Would you copy out the whole listing exactly as given?

※

(* In the shallow setting of the context, assume there exists $M>0$ such that $$\max_{h=1,\ldots,n_2}\Big|\sigma^{(s_h)}\Big(b+\sum_{r=1}^{n_0}w_rx_{\alpha,r}\Big)w_1^{s_h}\Big|\le M\Big(1+\Big|b+\sum_{r=1}^{n_0}w_rx_{\alpha,r}\Big|\Big)$$ for every $\alpha\in A$ and every $b,w_1,\ldots,w_{n_0}\in\mathbb{R}$. Then $\Upsilon(\cdot;\underline{x})$ is finite in a neighborhood of the origin of $\mathbb{R}^{|A|\times n_2}$.
   Context: Fix integers $n_0,n_2\ge1$, constants $C_b\ge0$, $C_W>0$, a function $\sigma:\mathbb{R}\to\mathbb{R}$, a finite set $A$ and inputs $x_\alpha=(x_{\alpha,1},\ldots,x_{\alpha,n_0})\in\mathbb{R}^{n_0}$, $\alpha\in A$ ($\underline{x}=\{x_\alpha\}$). Fix $s_1,\ldots,s_{n_2}\in\{0,1\}$; unless all $s_h=0$, $\sigma$ is assumed almost everywhere differentiable with a.e. derivative $\sigma^{(1)}=\sigma'$; $\sigma^{(0)}=\sigma$. Let $b^{(1)}_1$ be centered Normal with variance $C_b$, $W^{(1)}_{1r}$ ($r=1,\ldots,n_0$) centered Normal with variance $C_W/n_0$, and $\widehat W^{(2)}_{h1}$ ($h=1,\ldots,n_2$) standard Normal, all independent. Set $F_{h1}(x):=\sqrt{C_W}\widehat W^{(2)}_{h1}\sigma^{(s_h)}(b^{(1)}_1+\sum_{r=1}^{n_0}W^{(1)}_{1r}x_r)(W^{(1)}_{11})^{s_h}$ and, for $\theta\in\mathbb{R}^{|A|\times n_2}$, $\Upsilon(\theta;\underline{x}):=\log\mathbb{E}[\exp(\sum_{\alpha\in A}\sum_{h=1}^{n_2}\theta_{\alpha h}F_{h1}(x_\alpha))]$, which equals $\log\mathbb{E}[\exp(\frac{C_W}{2}\sum_{h=1}^{n_2}(\sum_{\alpha\in A}\theta_{\alpha h}\sigma^{(s_h)}(b^{(1)}_1+\sum_rW^{(1)}_{1r}x_{\alpha,r})(W^{(1)}_{11})^{s_h})^2)]$. *)

From HB Require Import structures.
From mathcomp Require Import all_boot all_order all_algebra.
From mathcomp Require Import all_classical all_reals all_analysis.
Set Implicit Arguments. Unset Strict Implicit. Unset Printing Implicit Defensive.
Import Order.TTheory GRing.Theory Num.Theory.
Import numFieldNormedType.Exports.
Local Open Scope classical_set_scope.
Local Open Scope ring_scope.

(* Mutual independence of a finite family of real random variables:
   product rule for all families of Borel sets (taking B i = setT for the
   indices not involved gives the product rule for every subfamily). *)
Definition mutually_independent {d} {T : measurableType d} {R : realType}
  (P : probability T R) (I : finType) (X : I -> T -> R) : Prop :=
  forall B : I -> set R, (forall i, measurable (B i)) ->
    P [set w | forall i, B i (X i w)] = (\prod_(i : I) P (X i @^-1` B i))%E.

(* X is a centered Normal random variable with variance v >= 0;
   variance 0 means X = 0 almost surely (law = Dirac at 0). *)
Definition centered_normal_rv {d} {T : measurableType d} {R : realType}
  (P : probability T R) (X : T -> R) (v : R) : Prop :=
  measurable_fun setT X /\
  forall A : set R, measurable A ->
    P (X @^-1` A) = (if v == 0 then \d_(0 : R) A else normal_prob 0 (Num.sqrt v) A).

(* sigma^{(0)} = sigma, sigma^{(1)} = sigma' *)
Definition sigma_s {R : realType} (sigma sigma' : R -> R) (s : bool) : R -> R :=
  if s then sigma' else sigma.

Definition elog {R : realType} (x : \bar R) : \bar R :=
  match x with
  | r%:E => if 0 < r then (ln r)%:E else -oo%E
  | +oo%E => +oo%E
  | -oo%E => -oo%E
  end.

(* first-layer pre-activation  b + sum_r w_r x_r ; index set {1..n0} is 'I_n0.+1 *)
Definition preact {R : realType} (n0 : nat) (b : R) (w : 'I_n0.+1 -> R)
  (x : 'I_n0.+1 -> R) : R := b + \sum_(r < n0.+1) w r * x r.

Definition F_h1 {R : realType} (n0 : nat) (CW : R) (sigma sigma' : R -> R)
  (s : bool) (Wh : R) (b : R) (w : 'I_n0.+1 -> R) (x : 'I_n0.+1 -> R) : R :=
  Num.sqrt CW * Wh * sigma_s sigma sigma' s (preact b w x) * (w ord0) ^+ s.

※

SOLUTION FOR THIS EXERCISE:
(* In the shallow setting of the context, assume there exists $M>0$ such that $$\max_{h=1,\ldots,n_2}\Big|\sigma^{(s_h)}\Big(b+\sum_{r=1}^{n_0}w_rx_{\alpha,r}\Big)w_1^{s_h}\Big|\le M\Big(1+\Big|b+\sum_{r=1}^{n_0}w_rx_{\alpha,r}\Big|\Big)$$ for every $\alpha\in A$ and every $b,w_1,\ldots,w_{n_0}\in\mathbb{R}$. Then $\Upsilon(\cdot;\underline{x})$ is finite in a neighborhood of the origin of $\mathbb{R}^{|A|\times n_2}$.
   Context: Fix integers $n_0,n_2\ge1$, constants $C_b\ge0$, $C_W>0$, a function $\sigma:\mathbb{R}\to\mathbb{R}$, a finite set $A$ and inputs $x_\alpha=(x_{\alpha,1},\ldots,x_{\alpha,n_0})\in\mathbb{R}^{n_0}$, $\alpha\in A$ ($\underline{x}=\{x_\alpha\}$). Fix $s_1,\ldots,s_{n_2}\in\{0,1\}$; unless all $s_h=0$, $\sigma$ is assumed almost everywhere differentiable with a.e. derivative $\sigma^{(1)}=\sigma'$; $\sigma^{(0)}=\sigma$. Let $b^{(1)}_1$ be centered Normal with variance $C_b$, $W^{(1)}_{1r}$ ($r=1,\ldots,n_0$) centered Normal with variance $C_W/n_0$, and $\widehat W^{(2)}_{h1}$ ($h=1,\ldots,n_2$) standard Normal, all independent. Set $F_{h1}(x):=\sqrt{C_W}\widehat W^{(2)}_{h1}\sigma^{(s_h)}(b^{(1)}_1+\sum_{r=1}^{n_0}W^{(1)}_{1r}x_r)(W^{(1)}_{11})^{s_h}$ and, for $\theta\in\mathbb{R}^{|A|\times n_2}$, $\Upsilon(\theta;\underline{x}):=\log\mathbb{E}[\exp(\sum_{\alpha\in A}\sum_{h=1}^{n_2}\theta_{\alpha h}F_{h1}(x_\alpha))]$, which equals $\log\mathbb{E}[\exp(\frac{C_W}{2}\sum_{h=1}^{n_2}(\sum_{\alpha\in A}\theta_{\alpha h}\sigma^{(s_h)}(b^{(1)}_1+\sum_rW^{(1)}_{1r}x_{\alpha,r})(W^{(1)}_{11})^{s_h})^2)]$. *)

From HB Require Import structures.
From mathcomp Require Import all_boot all_order all_algebra.
From mathcomp Require Import all_classical all_reals all_analysis.
Set Implicit Arguments. Unset Strict Implicit. Unset Printing Implicit Defensive.
Import Order.TTheory GRing.Theory Num.Theory.
Import numFieldNormedType.Exports.
Local Open Scope classical_set_scope.
Local Open Scope ring_scope.

(* Mutual independence of a finite family of real random variables:
   product rule for all families of Borel sets (taking B i = setT for the
   indices not involved gives the product rule for every subfamily). *)
Definition mutually_independent {d} {T : measurableType d} {R : realType}
  (P : probability T R) (I : finType) (X : I -> T -> R) : Prop :=
  forall B : I -> set R, (forall i, measurable (B i)) ->
    P [set w | forall i, B i (X i w)] = (\prod_(i : I) P (X i @^-1` B i))%E.

(* X is a centered Normal random variable with variance v >= 0;
   variance 0 means X = 0 almost surely (law = Dirac at 0). *)
Definition centered_normal_rv {d} {T : measurableType d} {R : realType}
  (P : probability T R) (X : T -> R) (v : R) : Prop :=
  measurable_fun setT X /\
  forall A : set R, measurable A ->
    P (X @^-1` A) = (if v == 0 then \d_(0 : R) A else normal_prob 0 (Num.sqrt v) A).

(* sigma^{(0)} = sigma, sigma^{(1)} = sigma' *)
Definition sigma_s {R : realType} (sigma sigma' : R -> R) (s : bool) : R -> R :=
  if s then sigma' else sigma.

Definition elog {R : realType} (x : \bar R) : \bar R :=
  match x with
  | r%:E => if 0 < r then (ln r)%:E else -oo%E
  | +oo%E => +oo%E
  | -oo%E => -oo%E
  end.

(* first-layer pre-activation  b + sum_r w_r x_r ; index set {1..n0} is 'I_n0.+1 *)
Definition preact {R : realType} (n0 : nat) (b : R) (w : 'I_n0.+1 -> R)
  (x : 'I_n0.+1 -> R) : R := b + \sum_(r < n0.+1) w r * x r.

Definition F_h1 {R : realType} (n0 : nat) (CW : R) (sigma sigma' : R -> R)
  (s : bool) (Wh : R) (b : R) (w : 'I_n0.+1 -> R) (x : 'I_n0.+1 -> R) : R :=
  Num.sqrt CW * Wh * sigma_s sigma sigma' s (preact b w x) * (w ord0) ^+ s.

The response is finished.